A Standard BIG-IP virtual server is a full proxy. That is the single most important fact for understanding iRules. There are two independent TCP connections: one between the client and the BIG-IP, and another between the BIG-IP and the chosen pool member. They have different addresses, different ports, and even different TLS sessions.
Events belong to a side
Each iRule event runs in either the client-side or server-side context, depending on where in the flow it sits:
CLIENT_ACCEPTED,CLIENTSSL_HANDSHAKE,HTTP_REQUEST,CLIENT_CLOSEDrun client-side.SERVER_CONNECTED,SERVERSSL_HANDSHAKE,HTTP_REQUEST_SEND,SERVER_CLOSEDrun server-side.
The crossover happens at load balancing: everything up to and including HTTP_REQUEST is client-side, the pool member is selected at LB_SELECTED, and from SERVER_CONNECTED onward you are server-side until the response comes back.
The same command, two answers
This is where it bites. IP::remote_addr returns the peer of the current connection. In CLIENT_ACCEPTED that is the client's address; in SERVER_CONNECTED it is the pool member's address. The command did not change — the context did. The same is true for TCP::remote_port, SSL details, and more.
You can also force a context explicitly. The clientside and serverside commands evaluate an expression against the other connection:
when SERVER_CONNECTED {
log local0. "client was [clientside {IP::remote_addr}]"
}
That logs the client's address even though the event is running server-side.

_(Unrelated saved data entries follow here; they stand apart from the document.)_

(* The projector Q onto the span of e splits tr K as tr (Q K) + tr ((1 - Q) K). *)
Lemma bessel_psd n (I : finType) (e : I -> 'cV[C]_n) (K : 'M[C]_n) :
  psdmx K -> orthonormal_or_zero e ->
  \sum_a complex.Re (braket (e a) K (e a)) <= complex.Re (\tr K).
Proof.
move=> K_psd e_on.
pose Q := \sum_a e a *m adj (e a).
have QQ : Q *m Q = Q.
  have eE a b : e a *m adj (e a) *m (e b *m adj (e b)) =
      (a == b)%:R *: (e a *m adj (e a)).
    rewrite mulmxA -(mulmxA (e a)) inner_mx11 e_on mul_mx_scalar -scalemxAl.
    have [-> /=|ea_ne0] := eqVneq (e a) 0; first by rewrite !mul0mx !scaler0.
    by case: eqVneq => [<-|_]; rewrite ?scale1r ?scale0r.
  rewrite /Q mulmx_suml; apply: eq_bigr => a _; rewrite mulmx_sumr.
  rewrite (bigD1 a) //= big1 ?addr0 => [|b /negbTE ba]; first by rewrite eE eqxx scale1r.
  by rewrite eE eq_sym ba scale0r.
have adjQ : adj Q = Q by rewrite adjmx_sum; apply: eq_bigr => a _; rewrite adjmxM adjmxK.
pose P := 1%:M - Q.
have PP : P *m P = P by rewrite mulmxBl mul1mx mulmxBr mulmx1 QQ subrr subr0.
have adjP : adj P = P by rewrite adjmxB adjmx1 adjQ.
have trQK : \sum_a braket (e a) K (e a) = \tr (Q *m K).
  by rewrite mulmx_suml raddf_sum; apply: eq_bigr => a _; exact: braket_trace.
have trPK : 0 <= \tr (P *m K).
  by rewrite -PP -mulmxA mxtrace_mulC -{1}adjP psdmx_trace_ge0.
have -> : \tr K = \tr (Q *m K) + \tr (P *m K).
  by rewrite mulmxBl mul1mx raddfB /= addrC subrK.
by rewrite -raddf_sum trQK raddfD /= lerDl Re_ge0.
Qed.

End Bessel.

Section Tensor.
Variable R : realType.
Local Notation C := R[i].
Variables dB dC : nat.

Lemma untidxK (i : 'I_dB) (j : 'I_dC) : untidx (tidx i j) = (i, j).
Proof. by rewrite /untidx /tidx /mxvec_index cast_ordK enum_rankK. Qed.

Lemma sum_tidx (F : 'I_(dB * dC) -> C) :
  \sum_p F p = \sum_i \sum_j F (tidx i j).
Proof.
rewrite (reindex _ (curry_mxvec_bij _ _)) /= pair_bigA /=.
by apply: eq_bigr => [[i j]] _.
Qed.

Lemma cV_tidxP (x y : 'cV[C]_(dB * dC)) :
  (forall i j, x (tidx i j) 0 = y (tidx i j) 0) -> x = y.
Proof.
move=> xy; apply/matrixP => p k; rewrite ord1.
by case/mxvec_indexP: p => i j; exact: xy.
Qed.

Definition tensorv (a : 'cV[C]_dB) (b : 'cV[C]_dC) : 'cV[C]_(dB * dC) :=
  \col_p (a (untidx p).1 0 * b (untidx p).2 0).

Lemma tensorvE a b i j : tensorv a b (tidx i j) 0 = a i 0 * b j 0.
Proof. by rewrite /tensorv mxE untidxK. Qed.

Lemma inner_tensorv a b c d :
  inner (tensorv a b) (tensorv c d) = inner a c * inner b d.
Proof.
rewrite !innerE sum_tidx big_distrl; apply: eq_bigr => i _ /=.
rewrite big_distrr; apply: eq_bigr => j _ /=.
by rewrite !tensorvE rmorphM /=; ring.
Qed.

Why it is designed this way
The full-proxy model is what makes the BIG-IP powerful: it can terminate client TLS with one certificate and open a completely different TLS session to the server, rewrite requests, pool connections with OneConnect, and protect servers from client-side quirks. The cost is that you, the iRule author, have to keep track of which side you are standing on. When a value looks wrong, the first question is almost always: which context is this event running in?